BEGIN
Theorem proposition2 (lo hi tk te ts : R) (f F : R -> R) :
  spot_price_model lo hi f F ->
  0 < tk -> 0 < te -> 0 < ts -> te < ts ->
  (* implicit in the paper: F^{-1}(1 - tk/te) is a genuine interior quantile *)
  tk < te ->
  (* implicit in the paper: the claimed point satisfies the deadline constraint,
     i.e. tk (1/F(p_opt) - 1) + te <= ts with F(p_opt) = 1 - tk/te *)
  tk * (1 / (1 - tk / te) - 1) + te <= ts ->
  P1_optimal lo hi tk te ts f F (Finv lo hi F (1 - tk / te)) 0.
Proof.
  intros [[_ Hlohi] [f_ge0 [f_decr [f_int [f_mass F_RInt]]]]] Htk Hte Hts _ Htkte Hdeadline.
  set (c := 1 - tk / te) in *.
  assert (Htk_c : tk = te * (1 - c)) by (unfold c; field; lra).
  assert (Hc : 0 < c < 1) by (split; nra).
  assert (Flo : F lo = 0) by (rewrite F_RInt by lra; exact (RInt_point (V := R_CompleteNormedModule) lo f)).
  assert (Fhi : F hi = 1) by (rewrite F_RInt by lra; exact f_mass).
  assert (Hps : lo <= Finv lo hi F c <= hi) by (apply Finv_bounds; lra).
  assert (Fps : F (Finv lo hi F c) = c)
    by (apply (F_Finv_density lo hi f F f_ge0 f_decr f_int F_RInt); lra).
  set (ps := Finv lo hi F c) in *.
  split.
  - unfold P1_feasible; rewrite Fps; repeat split; try lra.
    intros _; replace (tk / (1 - c)) with te by (rewrite Htk_c; field; lra); lra.
  - intros p' q' (Hdemand & [HFp' _] & _ & Hp' & Hq).
    rewrite !Phi1_cond_mean; apply Rmult_le_compat_l; [lra|].
    replace (0 * hi + (1 - 0) * cond_mean lo f F ps) with (cond_mean lo f F ps) by ring.
    apply (cond_mean_le_mixture lo hi f F); try assumption; try lra.
    intro Hp'ps.
    assert (HFp'c : F p' < c).
    { destruct (Rlt_le_dec (F p') c) as [Hlt|Hge]; [exact Hlt|].
      assert (ps <= p') by (apply (Finv_le lo hi c F); lra).
      lra. }
    specialize (Hdemand ltac:(lra)).
    apply Rle_div_r in Hdemand; [|lra].
    rewrite Fhi, Fps; apply (Rmult_le_reg_l te); [exact Hte|].
    lra.
Qed.
Lemma crossing_anomaly_pos : 0 < crossing_anomaly.
Proof.
  pose proof tan_k_PI_half_div_M_bound. unfold crossing_anomaly.
  set (q := tan_k_PI_half / kepler_M) in *.
  rewrite <- ln_1. apply ln_increasing; [lra |].
  replace ((1 + q) / (1 - q)) with (1 + 2 * q / (1 - q)) by (field; lra).
  pose proof (Rdiv_lt_0_compat (2 * q) (1 - q) ltac:(lra) ltac:(lra)). lra.
Qed.

Lemma kepler_angle_crossing_anomaly : kepler_angle crossing_anomaly = PI.
Proof.
  pose proof kepler_M_pos. pose proof k_PI_half_bound.
  unfold kepler_angle. rewrite tanh_half_crossing_anomaly.
  replace (kepler_M * (tan_k_PI_half / kepler_M)) with tan_k_PI_half by (field; lra).
  unfold tan_k_PI_half. rewrite atan_tan by lra. field. lra.
Qed.

Definition half_period := kepler_time crossing_anomaly.

Definition arc_angle (t : R) := polar_angle (t - half_period).

Lemma half_period_pos : 0 < half_period.
Proof.
  unfold half_period. pose proof crossing_anomaly_pos.
  pose proof (expanding_growth _ _ _ is_derive_kepler_time kepler_time'_ge 0 crossing_anomaly
                ltac:(lra)).
  pose proof kepler_time'_lb_pos.
  assert (kepler_time 0 = 0) by (unfold kepler_time; rewrite sinh_0; ring). nra.
Qed.

Lemma is_derive_arc_angle t : is_derive arc_angle t (ang_mom * binet_u (arc_angle t) ^ 2).
Proof.
  unfold arc_angle.
  replace (ang_mom * binet_u (polar_angle (t - half_period)) ^ 2)
    with (scal 1 (ang_mom * binet_u (polar_angle (t - half_period)) ^ 2))
    by (unfold scal; simpl; unfold mult; simpl; ring).
  apply (is_derive_comp polar_angle); [apply is_derive_polar_angle | auto_derive; auto].
Qed.

Lemma binet_u_arc_angle_pos t : 0 < binet_u (arc_angle t).
Proof. apply binet_u_kepler_angle_pos. Qed.

Lemma arc_angle_start : arc_angle 0 = - PI.
Proof.
  unfold arc_angle, polar_angle, half_period.
  rewrite Rminus_0_l, <- kepler_time_opp, inv_kepler_time, kepler_angle_opp,
    kepler_angle_crossing_anomaly.
  reflexivity.
Qed.

Lemma arc_angle_end : arc_angle (2 * half_period) = PI.
Proof.
  unfold arc_angle, polar_angle.
  replace (2 * half_period - half_period) with (kepler_time crossing_anomaly)
    by (unfold half_period; ring).
  rewrite inv_kepler_time. apply kepler_angle_crossing_anomaly.
Qed.

Lemma arc_angle_range t : 0 < t < 2 * half_period -> - PI < arc_angle t < PI.
Proof.
  intros Ht. unfold arc_angle, polar_angle.
  rewrite <- kepler_angle_crossing_anomaly, <- kepler_angle_opp.
  split; apply kepler_angle_lt.
  - rewrite <- (inv_kepler_time (- crossing_anomaly)).
    apply inv_kepler_time_lt. rewrite kepler_time_opp. fold half_period. lra.
  - rewrite <- (inv_kepler_time crossing_anomaly).
    apply inv_kepler_time_lt. fold half_period. lra.
Qed.

Definition arc := orbit arc_angle.

Lemma binet_vx_PI : binet_vx PI = ang_mom / L.
Proof. unfold binet_vx. rewrite sin_PI, cos_PI, Hu_PI. field. lra. Qed.

Lemma binet_vx_neg_PI : binet_vx (- PI) = ang_mom / L.
Proof.
  unfold binet_vx. rewrite sin_neg, cos_neg, sin_PI, cos_PI, binet_u_even, Hu_PI. field. lra.
Qed.

Lemma arc_start : arc 0 = (0, - L).
Proof.
  unfold arc, orbit, binet_point. rewrite arc_angle_start, binet_u_even, Hu_PI, sin_neg, cos_neg,
    sin_PI, cos_PI.
  f_equal; field; lra.
Qed.

Lemma arc_end : arc (2 * half_period) = (0, - L).
Proof.
  unfold arc, orbit, binet_point. rewrite arc_angle_end, Hu_PI, sin_PI, cos_PI.
  f_equal; field; lra.
Qed.

Lemma arc_above_ell t : 0 < t < 2 * half_period -> in_P L (arc t).
Proof.
  intros Ht. unfold in_P, arc, orbit, binet_point; cbn [snd].
  pose proof (arc_angle_range t Ht) as Hr. pose proof (binet_u_PI_lt _ Hr) as Hlt.
  pose proof (COS_bound (arc_angle t)). pose proof (binet_u_arc_angle_pos t).
  rewrite Hu_PI in Hlt. set (u := binet_u (arc_angle t)) in *.
  assert (HLu : 1 < L * u).
  { apply (Rmult_lt_reg_l (/ L)); [apply Rinv_0_lt_compat, HL |].
    rewrite <- Rmult_assoc, Rinv_l, Rmult_1_l, Rmult_1_r by lra. exact Hlt. }
  apply Rlt_gt, (Rmult_lt_reg_r u); [lra |].
  unfold Rdiv. rewrite Rmult_assoc, Rinv_l by lra. lra.
Qed.

Lemma arc_solution : is_solution beta arc.
Proof. apply orbit_solution; [apply is_derive_arc_angle | apply binet_u_arc_angle_pos]. Qed.

Lemma arc_energy t : energy beta arc t = h.
Proof. apply orbit_energy; [apply is_derive_arc_angle | apply binet_u_arc_angle_pos]. Qed.

Lemma arc_start_angle : angle (vel arc 0) (1, 0) < PI / 2.
Proof.
  apply angle_e1_lt. unfold arc.
  rewrite (vel_orbit _ is_derive_arc_angle binet_u_arc_angle_pos); cbn [fst].
  rewrite arc_angle_start, binet_vx_neg_PI. apply Rdiv_lt_0_compat; [apply ang_mom_pos | exact HL].
Qed.

Lemma arc_end_angle : angle (-1, 0) (vel arc (2 * half_period)) > PI / 2.
Proof.
  apply angle_neg_e1_gt. unfold arc.
  rewrite (vel_orbit _ is_derive_arc_angle binet_u_arc_angle_pos); cbn [fst].
  rewrite arc_angle_end, binet_vx_PI. apply Rdiv_lt_0_compat; [apply ang_mom_pos | exact HL].
Qed.
(* Let $G(\lambda)\in\mathbb F(\lambda)^{p\times m}$, let $L(\lambda)$ be a strong block minimal bases linearization of $G(\lambda)$ as in the context, with transfer function matrix $\widehat G(\lambda)=\begin{bmatrix} M(\lambda)+\widehat K_2^TC(\lambda I_n-A)^{-1}B\widehat K_1 & K_2(\lambda)^T\\ K_1(\lambda) & 0\end{bmatrix}$. (a) If $\varepsilon_1\le\dots\le\varepsilon_l$ are the right minimal indices of $G(\lambda)$, then $\varepsilon_1+\deg N_1(\lambda)\le\dots\le\varepsilon_l+\deg N_1(\lambda)$ are the right minimal indices of $\widehat G(\lambda)$. (b) If $\eta_1\le\dots\le\eta_q$ are the left minimal indices of $G(\lambda)$, then $\eta_1+\deg N_2(\lambda)\le\dots\le\eta_q+\deg N_2(\lambda)$ are the left minimal indices of $\widehat G(\lambda)$.
   Context: $\mathbb F$ is an arbitrary field. A polynomial matrix $K\in\mathbb F[\lambda]^{a\times b}$, $a<b$, is a minimal basis if its rows form a minimal basis (polynomial basis of least total degree) of the subspace they span; $K\in\mathbb F[\lambda]^{a_1\times b}$, $N\in\mathbb F[\lambda]^{a_2\times b}$ are dual minimal bases if both are minimal bases, $a_1+a_2=b$ and $KN^T=0$. Strong block minimal bases linearization: write $G=D+C(\lambda I_n-A)^{-1}B$ with $D$ the polynomial part, $\deg D>1$, and $C(\lambda I_n-A)^{-1}B$ a minimal order state-space realization of the strictly proper part. Let $K_1\in\mathbb F[\lambda]^{\widehat m\times(m+\widehat m)}$, $K_2\in\mathbb F[\lambda]^{\widehat p\times(p+\widehat p)}$ be minimal bases with all row degrees $1$, $N_1\in\mathbb F[\lambda]^{m\times(m+\widehat m)}$, $N_2\in\mathbb F[\lambda]^{p\times(p+\widehat p)}$ minimal bases dual to $K_1,K_2$, each with all row degrees equal, and $M(\lambda)$ a $(p+\widehat p)\times(m+\widehat m)$ pencil with $D=N_2MN_1^T$ and $\deg D=\deg N_1+\deg N_2+1$. Let constant $\widehat K_i$ and polynomial $\widehat N_i$ be such that $\begin{bmatrix}K_i\\ \widehat K_i\end{bmatrix}$ is unimodular with inverse $\begin{bmatrix}\widehat N_i^T & N_i^T\end{bmatrix}$, $i=1,2$. For nonsingular $T,S$, $L(\lambda)=\begin{bmatrix}T(\lambda I_n-A)S & TB\widehat K_1 & 0\\ -\widehat K_2^TCS & M(\lambda) & K_2(\lambda)^T\\ 0 & K_1(\lambda) & 0\end{bmatrix}$. Right (left) minimal indices of a rational matrix $G$: degrees of the vectors of a minimal basis of $\mathcal N_r(G)=\{x:Gx=0\}$ ($\mathcal N_\ell(G)=\{x:x^TG=0\}$). *)

From HB Require Import structures.
From mathcomp Require Import all_boot all_order all_algebra.
Set Implicit Arguments. Unset Strict Implicit. Unset Printing Implicit Defensive.
Import Order.TTheory GRing.Theory Num.Theory.
Local Open Scope ring_scope.

Section Defs.
Variable F : fieldType.

Definition ratF := {fraction {poly F}}.

Definition ratmx a b (P : 'M[{poly F}]_(a, b)) : 'M[ratF]_(a, b) :=
  map_mx (fun x => FracField.tofrac x) P.

Definition polymx a b (A : 'M[F]_(a, b)) : 'M[{poly F}]_(a, b) :=
  map_mx polyC A.

Definition rowdeg a b (P : 'M[{poly F}]_(a, b)) (i : 'I_a) : nat :=
  (\max_(j < b) size (P i j)).-1.

Definition mxdeg a b (P : 'M[{poly F}]_(a, b)) : nat :=
  (\max_(i < a) \max_(j < b) size (P i j)).-1.

Definition totdeg a b (P : 'M[{poly F}]_(a, b)) : nat :=
  (\sum_(i < a) rowdeg P i)%N.

Definition poly_basis_of k a b (V : 'M[ratF]_(k, b)) (P : 'M[{poly F}]_(a, b)) :=
  row_free (ratmx P) && (ratmx P == V)%MS.

Definition minimal_basis_of k a b (V : 'M[ratF]_(k, b)) (P : 'M[{poly F}]_(a, b)) :=
  poly_basis_of V P /\
  forall a' (P' : 'M[{poly F}]_(a', b)), poly_basis_of V P' -> (totdeg P <= totdeg P')%N.

Definition minimal_basis a b (K : 'M[{poly F}]_(a, b)) := minimal_basis_of (ratmx K) K.

Definition dual_minimal_bases a1 a2 b (K : 'M[{poly F}]_(a1, b)) (N : 'M[{poly F}]_(a2, b)) :=
  [/\ minimal_basis K, minimal_basis N, (a1 + a2 = b)%N & K *m N^T = 0].

Definition row_degrees_eq a b (P : 'M[{poly F}]_(a, b)) (d : nat) :=
  forall i, rowdeg P i = d.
END
Work to complete
Give back exactly the lines from the beginning of the records through the line containing "assert (Hc : 0 < c < 1) by (split; nra).", and only those.

Solution for this task
Theorem proposition2 (lo hi tk te ts : R) (f F : R -> R) :
  spot_price_model lo hi f F ->
  0 < tk -> 0 < te -> 0 < ts -> te < ts ->
  (* implicit in the paper: F^{-1}(1 - tk/te) is a genuine interior quantile *)
  tk < te ->
  (* implicit in the paper: the claimed point satisfies the deadline constraint,
     i.e. tk (1/F(p_opt) - 1) + te <= ts with F(p_opt) = 1 - tk/te *)
  tk * (1 / (1 - tk / te) - 1) + te <= ts ->
  P1_optimal lo hi tk te ts f F (Finv lo hi F (1 - tk / te)) 0.
Proof.
  intros [[_ Hlohi] [f_ge0 [f_decr [f_int [f_mass F_RInt]]]]] Htk Hte Hts _ Htkte Hdeadline.
  set (c := 1 - tk / te) in *.
  assert (Htk_c : tk = te * (1 - c)) by (unfold c; field; lra).
  assert (Hc : 0 < c < 1) by (split; nra).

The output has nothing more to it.